On August 11, 2015, the above court decided to permit the convening of the instant general meeting of shareholders, where “the appointment of Speaker pro tempore” and “the appointment of internal directors toG, H, and D” are the subject of “the appointment of internal directors.”

C. On September 4, 2015, hereinafter referred to as “the shareholders’ meeting of this case”) is the shareholders’ meeting of this case.

(1) On August 20, 2015, E, F, and G notified the Defendant’s shareholders to convene a temporary general meeting of shareholders, namely, appointment of the Speaker pro tempore and appointment of internal directors on September 4, 2015, based on the instant decision to permit the convocation of the general meeting of shareholders.
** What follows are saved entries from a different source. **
Section SesquilinearForm.
Context {R : realType} {V : lmodType R[i]}.

Definition sesquilinear (a : V -> V -> R[i]) : Prop :=
  (forall al u u' v, a (al *: u + u') v = al * a u v + a u' v) /\
  (forall al u v v', a u (al *: v + v') = conjc al * a u v + a u v').

Variable a : V -> V -> R[i].
Hypothesis aP : sesquilinear a.
Let a_linl := proj1 aP.
Let a_semilinr := proj2 aP.

Lemma sesq0l v : a 0 v = 0.
Proof.
apply: (addrI (a 0 v)); rewrite addr0 -{1}[a 0 v]mul1r -a_linl.
by rewrite scale1r addr0.
Qed.

Lemma sesq0r u : a u 0 = 0.
Proof.
apply: (addrI (a u 0)); rewrite addr0 -{1}[a u 0]mul1r -conjc1 -a_semilinr.
by rewrite scale1r addr0.
Qed.

Lemma sesq_suml n (c : 'I_n -> R[i]) (e : 'I_n -> V) w :
  a (\sum_(i < n) c i *: e i) w = \sum_(i < n) c i * a (e i) w.
Proof. by elim/big_rec2: _ => [|i y1 y2 _ <-]; rewrite ?sesq0l ?a_linl. Qed.

Lemma sesq_sumr n (c : 'I_n -> R[i]) (e : 'I_n -> V) w :
  a w (\sum_(i < n) c i *: e i) = \sum_(i < n) conjc (c i) * a w (e i).
Proof. by elim/big_rec2: _ => [|i y1 y2 _ <-]; rewrite ?sesq0r ?a_semilinr. Qed.

Definition gram (t : seq V) : 'M[R[i]]_(size t) := \matrix_(i, j) a t`_i t`_j.
(* Let $k$ be a field and let $d,m$ be integers with $d$ odd and $5\le d<m-1$. Set $a=(d+1)/2$. Then \[ k[\Delta(d,m)]\cong k[x_1,\dots,x_m]/(I_{a,2,m-1},\; x_1x_m I_{a-1,3,m-2}). \]
   Context: For integers $2\le d<m$, $\Delta(d,m)$ denotes the boundary simplicial complex of the cyclic polytope $C_d(m)$, the convex hull in $\mathbb{R}^d$ of $f(t_1),\dots,f(t_m)$ with $t_1<\dots<t_m$ real and $f(t)=(t,t^2,\dots,t^d)$; vertex $i$ corresponds to $f(t_i)$, and the faces are $\emptyset$ and the vertex sets of proper faces of $C_d(m)$. $k[\Delta]=k[x_1,\dots,x_m]/I_\Delta$ is the Stanley–Reisner ring, $I_\Delta$ being generated by the squarefree monomials $\prod_{t\in W}x_t$ with $W\notin\Delta$. For positive integers $a,p,q$ with $p<q$ and $2a\le q-p+2$, $I_{a,p,q}$ denotes the ideal generated by all monomials $x_{t_1}\cdots x_{t_a}$ with $p\le t_1$, $t_a\le q$ and $t_j+2\le t_{j+1}$ for $1\le j\le a-1$. *)

From HB Require Import structures.
From mathcomp Require Import all_boot all_order all_algebra.
From mathcomp Require Import reals.
From mathcomp Require Import mpoly.

Set Implicit Arguments.
Unset Strict Implicit.
Unset Printing Implicit Defensive.

Import Order.TTheory GRing.Theory Num.Theory.
Local Open Scope ring_scope.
On the following day, the notice of convening a temporary general meeting of shareholders reached all the Defendant’s shareholders.

2) The shareholders’ general meeting of this case attended E, F, G and shareholders I (40% of the total number of issued shares, 40% of the total number of issued shares), J (1,120, 7%) and K (480, 3%) as shareholders L (2,400 shares, 15% of the shares), H attended as shareholders’ representatives, and shareholders M (1,600 shares, 10% of the shares, and 10% of the shares were not the shareholders M (1,60 shares, 10% of the shares). 3) The resolution was made to appoint D as the Speaker pro tempore, who is the 7,520 shares, opposing 6,80 shares.

4 The agenda item for the appointment of internal directors at the general meeting of shareholders of this case was carried out by the Speaker pro temporeD, and a resolution was made to appoint D, G, and H as each internal director, respectively, with 7,520 shares, opposing 6,880 shares.